The scale and openness of this vote rigging suggests that next year’s elections will be even more fraudulent than those of 1999. At that time the western powers were prepared to overlook widespread ballot rigging and the fact that the previous military regime limited which parties and candidates were allowed to stand. It seems unlikely that the next election will be exposed as a fraud by the international observers and the media, even though the scale of corruption is already much greater than that in Zimbabwe.

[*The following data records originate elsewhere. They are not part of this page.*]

(* One atomic step of a thread at control point [pc] in shared state [sh],
   leading to shared state [sh'] and control point [pc'].
   n = BLOCK.size(), txs j = tx_j, init = initial storage. *)
Definition tstep (Loc : eqType) (Val : Type) (n : nat) (txs : nat -> Prog Loc Val)
  (init : Loc -> Val) (sh : Shared Loc Val) (pc : Pc Loc Val)
  (sh' : Shared Loc Val) (pc' : Pc Loc Val) : Prop :=
  let dec_active := set_active sh (num_active_tasks sh - 1) in
  let inc_active := set_active sh (num_active_tasks sh + 1) in
  let stat := txn_status sh in
  match pc with
  | PLoop task =>
      sh' = sh /\
      pc' = (if done_marker sh then PJoined else
             match task with
             | None => NT0
             | Some (TExec k i) => EXr k i vm0
             | Some (TVal k i) => VR0 k i
             end)
  | PJoined => False
  | NT0 => sh' = sh /\ pc' = NT1 (validation_idx sh)
  | NT1 v => sh' = sh /\ pc' = (if (v < execution_idx sh)%N then NTV0 else NTE0)
  | NTV0 => sh' = sh /\ pc' = (if (n <= validation_idx sh)%N then CD0 else NTV1)
  | NTV1 => sh' = inc_active /\ pc' = NTV2
  | NTV2 => sh' = set_val sh (validation_idx sh).+1 /\ pc' = NTV3 (validation_idx sh)
  | NTV3 k => sh' = sh /\
      pc' = (if (k < n)%N && is_executed (stat k).2
             then PLoop (Some (TVal k (stat k).1)) else NTV4 k)
  | NTV4 k => sh' = dec_active /\ pc' = PLoop None
  | NTE0 => sh' = sh /\ pc' = (if (n <= execution_idx sh)%N then CD0 else NTE1)
  | NTE1 => sh' = inc_active /\ pc' = NTE2
  | NTE2 => sh' = set_exec sh (execution_idx sh).+1 /\ pc' = TI0 (execution_idx sh) None
  | CD0 => sh' = sh /\ pc' = CD1 (decrease_cnt sh)
  | CD1 c => sh' = sh /\ pc' = (if (n <= execution_idx sh)%N then CD2 c else PLoop None)
  | CD2 c => sh' = sh /\ pc' = (if (n <= validation_idx sh)%N then CD3 c else PLoop None)
  | CD3 c => sh' = sh /\ pc' = (if num_active_tasks sh == 0 then CD4 c else PLoop None)
  | CD4 c => sh' = sh /\ pc' = (if decrease_cnt sh == c then CD5 else PLoop None)
  | CD5 => sh' = set_done sh true /\ pc' = PLoop None
  | TI0 k ov =>
      if (k < n)%N && is_ready (stat k).2 then
        sh' = set_status sh (upd stat k ((stat k).1, EXECUTING)) /\
        pc' = PLoop (Some (TExec k (stat k).1))
      else sh' = sh /\ pc' = TI1 k ov
  | TI1 k ov => sh' = dec_active /\ pc' = PLoop None
  | EXr k i vm =>
      sh' = sh /\
      match txs k (hist vm) with
      | ARead p =>
          match lookup (wbuf vm) p with
          | Some v => pc' = EXr k i (mkVM (rcons (hist vm) (Some v)) (wbuf vm) (rset vm))
          | None =>
              match mvread (data sh) p k with
              | RNotFound => pc' = EXr k i (mkVM (rcons (hist vm) (Some (init p)))
                                              (wbuf vm) (rcons (rset vm) (p, None)))
              | ROk j inc v => pc' = EXr k i (mkVM (rcons (hist vm) (Some v))
                                              (wbuf vm) (rcons (rset vm) (p, Some (j, inc))))
              | RErr b => pc' = EDL0 k i b
              end
          end
      | AWrite p v => pc' = EXr k i (mkVM (rcons (hist vm) None) ((p, v) :: wbuf vm) (rset vm))
      | AFinish => pc' = ERW k i vm (wlocs (wbuf vm))
      end
  | EDL0 k i b => dep_lock sh b = false /\
      sh' = set_dlock sh (upd (dep_lock sh) b true) /\ pc' = EDL1 k i b
  | EDL1 k i b => sh' = sh /\
      pc' = (if is_executed (stat b).2 then EDLretry k i b else EDL2 k i b)
  | EDLretry k i b => sh' = set_dlock sh (upd (dep_lock sh) b false) /\ pc' = EXr k i vm0
  | EDL2 k i b => sh' = set_status sh (upd stat k ((stat k).1, ABORTING)) /\ pc' = EDL3 k i b
  | EDL3 k i b =>
      sh' = set_deps sh (upd (txn_dependency sh) b
              (if k \in txn_dependency sh b then txn_dependency sh b
               else rcons (txn_dependency sh b) k)) /\ pc' = EDL4 k i b
  | EDL4 k i b => sh' = set_dlock sh (upd (dep_lock sh) b false) /\ pc' = EDL5
  | EDL5 => sh' = dec_active /\ pc' = PLoop None
  | ERW k i vm todo =>
      if todo is [::] then sh' = sh /\ pc' = ERP k i vm
      else exists p v, p \in todo /\ lookup (wbuf vm) p = Some v /\
             sh' = set_data sh (upd2 (data sh) p k (Some (EVal i v))) /\
             pc' = ERW k i vm (filter (predC1 p) todo)
  | ERP k i vm =>
      let prev := last_written_locations sh k in
      let new := wlocs (wbuf vm) in
      sh' = sh /\
      pc' = ERM k i vm (has (fun p => p \notin prev) new) [seq p <- prev | p \notin new]
  | ERM k i vm w todo =>
      if todo is [::] then sh' = sh /\ pc' = ERL k i vm w
      else exists p, p \in todo /\
             sh' = set_data sh (upd2 (data sh) p k None) /\
             pc' = ERM k i vm w (filter (predC1 p) todo)
  | ERL k i vm w =>
      sh' = set_lw sh (upd (last_written_locations sh) k (wlocs (wbuf vm))) /\
      pc' = ERR k i vm w
  | ERR k i vm w =>
      sh' = set_lr sh (upd (last_read_set sh) k (rset vm)) /\ pc' = ESE k i w
  | ESE k i w => sh' = set_status sh (upd stat k ((stat k).1, EXECUTED)) /\ pc' = ESW k i w
  | ESW k i w => dep_lock sh k = false /\
      sh' = set_deps sh (upd (txn_dependency sh) k [::]) /\
      pc' = ERD k i w (txn_dependency sh k) (txn_dependency sh k)
  | ERD k i w D todo =>
      if todo is [::] then
        sh' = sh /\ pc' = (if D is d0 :: _ then EDE k i w (foldr minn d0 D) else EVI k i w)
      else exists d, d \in todo /\
             sh' = set_status sh (upd stat d ((stat d).1.+1, READY_TO_EXECUTE)) /\
             pc' = ERD k i w D (filter (predC1 d) todo)
  | EDE k i w d => sh' = set_exec sh (minn (execution_idx sh) d) /\ pc' = EDC k i w
  | EDC k i w => sh' = set_dec sh (decrease_cnt sh).+1 /\ pc' = EVI k i w
  | EVI k i w => sh' = sh /\
      pc' = (if (k < validation_idx sh)%N then
               (if w then EDV k i else PLoop (Some (TVal k i)))
             else EDEC k i)
  | EDV k i => sh' = set_val sh (minn (validation_idx sh) k) /\ pc' = EDVC k i
  | EDVC k i => sh' = set_dec sh (decrease_cnt sh).+1 /\ pc' = EDEC k i
  | EDEC k i => sh' = dec_active /\ pc' = PLoop None
  | VR0 k i => sh' = sh /\ pc' = VR1 k i (last_read_set sh k)
  | VR1 k i R =>
      sh' = sh /\
      pc' = match R with
            | [::] => VDEC k i
            | (p, ver) :: R' =>
                if read_matches (mvread (data sh) p k) ver then VR1 k i R' else VAB k i
            end
  | VAB k i =>
      if ((stat k).1 == i) && is_executed (stat k).2 then
        sh' = set_status sh (upd stat k (i, ABORTING)) /\ pc' = VCW0 k i
      else sh' = sh /\ pc' = VDEC k i
  | VCW0 k i => sh' = sh /\ pc' = VCW1 k i (last_written_locations sh k)
  | VCW1 k i todo =>
      if todo is [::] then sh' = sh /\ pc' = VSR k i
      else exists p, p \in todo /\
             sh' = set_data sh (upd2 (data sh) p k (Some EEst)) /\
             pc' = VCW1 k i (filter (predC1 p) todo)
  | VSR k i => sh' = set_status sh (upd stat k (i.+1, READY_TO_EXECUTE)) /\ pc' = VDV k i
  | VDV k i => sh' = set_val sh (minn (validation_idx sh) k.+1) /\ pc' = VDVC k i
  | VDVC k i => sh' = set_dec sh (decrease_cnt sh).+1 /\ pc' = VEI k i
  | VEI k i => sh' = sh /\
      pc' = (if (k < execution_idx sh)%N then TI0 k (Some i) else VDEC k i)
  | VDEC k i => sh' = dec_active /\ pc' = PLoop None
  end.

Obasanjo has consistently promoted the interests of the US and western oil companies. The US has been training the Nigerian military as a professional army, as well as providing it with funds, to move into trouble spots throughout the region. Obasanjo’s remit has been to open Nigeria up to untrammelled exploitation, push up the price of oil and petrol inside Nigeria towards world market rates while exceeding OPEC quotas and bringing down global prices, privatise the state sector, and drive down the proportion of wealth going to the working class and rural poor. He has not been able to push ahead with privatisation as far as the western powers would have liked because of resistance from regional powerbrokers and opposition from the mass of the population. But for the time being, despite the instability and centrifugal forces inside Nigeria, Obasanjo’s rule is seen by the US as the best means of maintaining a semblance of regional stability and thus western interests in West Africa as a whole.